As I have mentioned in earlier posts, we are building a x-platform mobile chat client. One of the platforms is iPhone and that means that the team is having to learn Objective C, and therefore C. Last couple of days, I have been spending time  helping my team understand and appreciate C better. Yesterday, we got really deep on figuring out how to read a C declaration and it was a lot of fun taking people thru the rules and examples of how to read some complex C declarations. I am summarizing the key aspects over here.

PS: Could not cross link to references since there is no authoritative version of the C-99 standard in an HTML form – the standard docs are all in PDF.

C Declaration Grammar

Understanding a C declaration requires that we understand what elements can a C declaration have. While I will describe the overall syntax over here, I will not go into semantics:

declaration:
	declaration-specifiers init-declarator-listopt ;
declaration-specifiers:
	storage-class-specifier declaration-specifiersopt
	type-specifier declaration-specifiersopt
	type-qualifier declaration-specifiersopt
	function-specifier declaration-specifiersopt
init-declarator-list:
	init-declarator
	init-declarator-list , init-declarator
init-declarator:
	declarator
	declarator = initializer

This is what the above grammar is saying:

  • A declaration is:
    • declaration-specifiers followed by an optional list of init-declarators
  • The declaration-specifiers are:
    • A storage-class specifier, followed by other optional declaration specifiers
    • A type-specifier, followed by other optional declaration specifiers
    • A type-qualifier, followed by other optional declaration specifiers
    • A function-specifier, followed by other optional declaration specifiers
  • List of init-declarators is:
    • An init-declarator
    • An init-declarator list, followed by a comma, followed by an init-declarator
  • An init-declarator is:
    • A declarator
    • A declarator followed by an assignment operator (=),  followed by an initializer

Declaration Specifiers

As per the grammar defined above, a declaration starts with a declaration specifier.
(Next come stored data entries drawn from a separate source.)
(* Let $X$ be a set, $T:\mathcal P(X)\to\mathcal P(X)$ an order reversing quasi involution, and $X_0=\{x\in X: x\in T(\{x\})\}$. Call $K\subseteq X$ invariant if $TK=K$. (1) If $TX_0=X_0$, then $X_0$ is the unique invariant set. (2) If $TX_0\not\subseteq X_0$, then there is no invariant set. (3) There exist a set $X$ and an order reversing quasi involution $T$ on $\mathcal P(X)$ with $TX_0\subsetneq X_0$ having no invariant set; there exist such $X,T$ with $TX_0\subsetneq X_0$ having exactly one invariant set; and there exist such $X,T$ with $TX_0\subsetneq X_0$ having more than one invariant set.
   Context: $\mathcal P(X)$ denotes the power set of $X$. A map $T:\mathcal P(X)\to\mathcal P(X)$ is an order reversing quasi involution if for all $K,L\subseteq X$: (i) $K\subseteq TTK$, and (ii) $L\subseteq K$ implies $TK\subseteq TL$. *)

Definition subset {X : Type} (A B : X -> Prop) : Prop := forall x, A x -> B x.
Definition seteq {X : Type} (A B : X -> Prop) : Prop := subset A B /\ subset B A.
Definition setT {X : Type} : X -> Prop := fun _ => True.
Definition set1 {X : Type} (a : X) : X -> Prop := fun x => x = a.

(* Order reversing quasi involution on P(X).  T is required to respect
   extensional equality of subsets (automatic for maps on the power set). *)
Definition order_rev_quasi_inv {X : Type} (T : (X -> Prop) -> (X -> Prop)) : Prop :=
  (forall K : X -> Prop, subset K (T (T K))) /\
  (forall K L : X -> Prop, subset L K -> subset (T K) (T L)).

Definition X0 {X : Type} (T : (X -> Prop) -> (X -> Prop)) : X -> Prop :=
  fun x => T (set1 x) x.

Definition invariant {X : Type} (T : (X -> Prop) -> (X -> Prop)) (K : X -> Prop) : Prop :=
  seteq (T K) K.

Definition strict_subset {X : Type} (A B : X -> Prop) : Prop :=
  subset A B /\ ~ subset B A.

(* Antitonicity alone forces every invariant set K between T X0 and X0: if
   x is in K then {x} is contained in K, so x is in K = TK, which is
   contained in T{x}; hence K is contained in X0 and T X0 in TK = K.  The examples are polars
   K^R = {y | forall x in K, R x y} of symmetric relations R, i.e. graphs
   in which X0 is the set of looped vertices and the invariant sets are the
   cliques of looped vertices to which no further vertex is fully joined. *)


Lemma strict_subset_empty_l {X : Type} (A B : X -> Prop) (b : X) :
  (forall x, ~ A x) -> B b -> strict_subset A B.
Proof.
  intros A_empty Bb; split.
  - intros x Ax. destruct (A_empty x Ax).
  - intros B_sub_A. exact (A_empty b (B_sub_A b Bb)).
Qed.

Section Antitone.

Variables (X : Type) (T : (X -> Prop) -> (X -> Prop)).
Hypothesis T_antitone : forall K L, subset L K -> subset (T K) (T L).

Lemma invariant_sub_X0 K : invariant T K -> subset K (X0 T).
Proof.
  intros [_ K_sub_TK] x Kx.
  apply (T_antitone K (set1 x)).
  - intros z ->. exact Kx.
  - exact (K_sub_TK x Kx).
Qed.

Lemma T_X0_sub_invariant K : invariant T K -> subset (T (X0 T)) K.
Proof.
  intros HK x Hx.
  apply (proj1 HK), (T_antitone (X0 T) K (invariant_sub_X0 K HK)), Hx.
Qed.

Lemma invariant_eq_X0 :
  invariant T (X0 T) -> forall K, invariant T K -> seteq K (X0 T).
Proof.
  intros [_ X0_sub_TX0] K HK. split.
  - exact (invariant_sub_X0 K HK).
  - intros x Hx. exact (T_X0_sub_invariant K HK x (X0_sub_TX0 x Hx)).
Qed.

Lemma invariant_T_X0_sub_X0 K :
  invariant T K -> subset (T (X0 T)) (X0 T).
Proof.
  intros HK x Hx. exact (invariant_sub_X0 K HK x (T_X0_sub_invariant K HK x Hx)).
Qed.

End Antitone.

Section Polar.

Variables (X : Type) (R : X -> X -> Prop).

Definition polar (K : X -> Prop) : X -> Prop := fun y => forall x, K x -> R x y.

Lemma polar_antitone K L : subset L K -> subset (polar K) (polar L).
Proof. intros L_sub_K y Hy x Lx. exact (Hy x (L_sub_K x Lx)). Qed.

Lemma polar_quasi_inv :
  (forall x y, R x y -> R y x) -> order_rev_quasi_inv polar.
Proof.
  intros R_sym. split.
  - intros K x Kx y Hy. exact (R_sym x y (Hy x Kx)).
  - exact polar_antitone.
Qed.

Lemma X0_polar y : X0 polar y <-> R y y.
Proof.
  split.
  - intros Hy. exact (Hy y eq_refl).
  - intros Ryy x ->. exact Ryy.
Qed.

Lemma invariant_polar_set1 a :
  (forall y, R a y <-> y = a) -> invariant polar (set1 a).
Proof.
  intros Ra. split.
  - intros y Hy. exact (proj1 (Ra y) (Hy a eq_refl)).
  - intros y -> x ->. exact (proj2 (Ra a) eq_refl).
Qed.

End Polar.

Arguments polar {X} R K _.

(* The looped vertices (b, true) are not joined to each other, and each is
   joined to the unlooped (b, false), so no looped clique is invariant. *)
Definition cross (x y : bool * bool) : Prop :=
  fst x = fst y /\ (snd x = true \/ snd y = true).

Lemma cross_sym x y : cross x y -> cross y x.
Proof. intros [E O]. split; [symmetry; exact E | tauto]. Qed.

Lemma X0_cross b : X0 (polar cross) (b, true).
Proof. apply X0_polar. split; [reflexivity | left; reflexivity]. Qed.

Lemma polar_X0_cross_empty y : ~ polar cross (X0 (polar cross)) y.
Proof.
  intros Hy.
  destruct (Hy _ (X0_cross false)) as [Ef _], (Hy _ (X0_cross true)) as [Et _].
  simpl in Ef, Et. rewrite <- Ef in Et. discriminate.
Qed.

Lemma cross_no_invariant K : ~ invariant (polar cross) K.
Proof.
  intros HK.
  assert (K_looped : forall z, K z -> snd z = true).
  { intros z Kz.
    destruct (proj1 (X0_polar _ _ z) (invariant_sub_X0 _ _ (polar_antitone _ cross) K HK z Kz))
      as [_ [H | H]]; exact H. }
  destruct HK as [TK_sub_K K_sub_TK].
  assert (K_empty : forall x, ~ K x).
  { intros x Kx.
    assert (Kx' : K (fst x, false)).
    { apply TK_sub_K. intros z Kz. split.
      - exact (proj1 (K_sub_TK x Kx z Kz)).
      - left. exact (K_looped z Kz). }
    discriminate (K_looped _ Kx'). }
  apply (K_empty (false, false)), TK_sub_K.
  intros z Kz. destruct (K_empty z Kz).
Qed.

Inductive three := t0 | t1 | t2.

Definition rel3 (x y : three) : Prop :=
  match x, y with
  | t0, t0 | t1, t2 | t2, t1 | t2, t2 => True
  | _, _ => False
  end.

Lemma rel3_sym x y : rel3 x y -> rel3 y x.
Proof. destruct x, y; simpl; tauto. Qed.

Lemma polar_X0_rel3_empty y : ~ polar rel3 (X0 (polar rel3)) y.
Proof.
  intros Hy.
  pose proof (Hy t0 (proj2 (X0_polar _ _ t0) I)) as H0.
  pose proof (Hy t2 (proj2 (X0_polar _ _ t2) I)) as H2.
  destruct y; simpl in *; assumption.
Qed.

Lemma rel3_invariant_eq_t0 L : invariant (polar rel3) L -> seteq L (set1 t0).
Proof.
  intros HL.
  pose proof (invariant_sub_X0 _ _ (polar_antitone _ rel3) L HL) as L_sub_X0.
  destruct HL as [TL_sub_L L_sub_TL].
  assert (N1 : ~ L t1) by exact (fun H => proj1 (X0_polar _ _ t1) (L_sub_X0 t1 H)).
  assert (N2 : ~ L t2).
  { intros H. apply N1, TL_sub_L. intros [] Lz; simpl; auto.
    exact (L_sub_TL t2 H t0 Lz). }
  split.
  - intros [] Lz; [reflexivity | contradiction | contradiction].
  - intros y ->. apply TL_sub_L. intros [] Lz; simpl; tauto.
Qed.

Lemma polar_X0_eq_empty y : ~ polar (@eq bool) (X0 (polar (@eq bool))) y.
Proof.
  intros Hy.
  pose proof (Hy true (proj2 (X0_polar _ _ true) eq_refl)) as Et.
  pose proof (Hy false (proj2 (X0_polar _ _ false) eq_refl)) as Ef.
  rewrite <- Et in Ef. discriminate.
Qed.

Lemma invariant_eq_set1 b : invariant (polar (@eq bool)) (set1 b).
Proof.
  apply invariant_polar_set1. intros y. split; intros E; symmetry; exact E.
Qed.

Theorem lemma6p2 :
  (forall (X : Type) (T : (X -> Prop) -> (X -> Prop)),
     order_rev_quasi_inv T ->
     invariant T (X0 T) ->
     forall K, invariant T K -> seteq K (X0 T)) /\
  (forall (X : Type) (T : (X -> Prop) -> (X -> Prop)),
     order_rev_quasi_inv T ->
     ~ subset (T (X0 T)) (X0 T) ->
     forall K, ~ invariant T K) /\
  (exists (X : Type) (T : (X -> Prop) -> (X -> Prop)),
     order_rev_quasi_inv T /\ strict_subset (T (X0 T)) (X0 T) /\
     forall K, ~ invariant T K) /\
  (exists (X : Type) (T : (X -> Prop) -> (X -> Prop)),
     order_rev_quasi_inv T /\ strict_subset (T (X0 T)) (X0 T) /\
     exists K, invariant T K /\ forall L, invariant T L -> seteq L K) /\
  (exists (X : Type) (T : (X -> Prop) -> (X -> Prop)),
     order_rev_quasi_inv T /\ strict_subset (T (X0 T)) (X0 T) /\
     exists K L, invariant T K /\ invariant T L /\ ~ seteq K L).
Proof.
  split; [| split; [| split; [| split]]].
  - intros X T [_ T_antitone]. exact (invariant_eq_X0 X T T_antitone).
  - intros X T [_ T_antitone] not_sub K HK.
    exact (not_sub (invariant_T_X0_sub_X0 X T T_antitone K HK)).
  - exists (bool * bool)%type, (polar cross).
    split; [exact (polar_quasi_inv _ _ cross_sym) | split].
    + exact (strict_subset_empty_l _ _ _ polar_X0_cross_empty (X0_cross true)).
    + exact cross_no_invariant.
  - exists three, (polar rel3).
    split; [exact (polar_quasi_inv _ _ rel3_sym) | split].
    + exact (strict_subset_empty_l _ _ t0 polar_X0_rel3_empty (proj2 (X0_polar _ _ t0) I)).
    + exists (set1 t0). split; [| exact rel3_invariant_eq_t0].
      apply invariant_polar_set1. intros []; simpl; intuition discriminate.
  - exists bool, (polar (@eq bool)).
    split; [exact (polar_quasi_inv _ _ (@eq_sym bool)) | split].
    + exact (strict_subset_empty_l _ _ true polar_X0_eq_empty (proj2 (X0_polar _ _ true) eq_refl)).
    + exists (set1 true), (set1 false).
      split; [exact (invariant_eq_set1 true) | split; [exact (invariant_eq_set1 false) |]].
      intros [E _]. discriminate (E true eq_refl).
Qed.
A declaration-specifier can be:

  • Storage-class specifier: These are: auto, static, extern, register and typedef. Default is auto, so if nothing is specified, auto is assumed.
  • Type-specifier: A type-specifier is one of the following. Default is int
    • void
    • char
    • signed char
    • unsigned char
    • short, signed short, short int, or signed short int
    • unsigned short or unsigned short int
    • int, signed or signed int
    • unsigned or unsigned int
    • long, signed long, long int or signed long int
    • unsigned long or unsigned long int
    • long long, signed long long, long long int, or signed long long int
    • unsigned long long or unsigned long long int
    • float
    • double
    • long double
    • _Bool
    • float _Complex
    • double _Complex
    • long double _Complex
    • struct-or-union-specifier
    • enum-specifier
    • typedef-name
  • Type-Qualifer: Applicable only to l-values: const, volatile, restrict
  • Function-specifier: There is only one function specifier: inline

Declarators

What follows a declaration-specifier is a init-declarator-list – a comma separated sequence of declarators that may optionally be initialized. A declarator [2] is defined as:

declarator:
	pointeropt direct-declarator
direct-declarator:
	identifier
	( declarator )
	direct-declarator [ type-qualifier-listopt assignment-expressionopt ]
	direct-declarator [ static type-qualifier-listopt assignment-expression ]
	direct-declarator [ type-qualifier-list static assignment-expression ]
	direct-declarator [ type-qualifier-listopt * ]
	direct-declarator ( parameter-type-list )
	direct-declarator ( identifier-listopt )
pointer:
	* type-qualifier-listopt
	* type-qualifier-listopt pointer
type-qualifier-list:
	type-qualifier
	type-qualifier-list type-qualifier
parameter-type-list:
	parameter-list
	parameter-list , ...
parameter-list:
	parameter-declaration
	parameter-list , parameter-declaration
parameter-declaration:
	declaration-specifiers declarator
	declaration-specifiers abstract-declaratoropt
identifier-list:
	identifier
	identifier-list , identifier

We can break down the above grammar the same way we did for the grammar of a declaration, but I’m gonna skip that and give some examples of declarators, just to give an idea of what declarators are supposed to be:

  • i – An identifier (and hence a direct-declarator)
  • i, j – A list of identifiers
  • i = 10 – An Identifer followed by an assignment expression
  • *p – A pointer declarator
  • * const p – A pointer declarator with a type-qualifer (const)
  • a[10] – An array declarator with a constant size
  • a[*] – An array declarator with a variable size
  • a[] – An array declarator with an unspecified size – the size will need to be defined somewhere else
  • f() – A function declarator
  • f(void) – A function declarator with no parameters
  • f(int i) – A function declarator with a parameter
  • f(int i, int j) – A function declarator with a parameter-list

Structure of a Declaration

Now that we have developed an idea of declaration-specifiers and declarators, we can see that the overall structure of a declaration is of the following form:

  1. One or more declaration-specifiers followed by
  2. One or more declarators (separated by commas)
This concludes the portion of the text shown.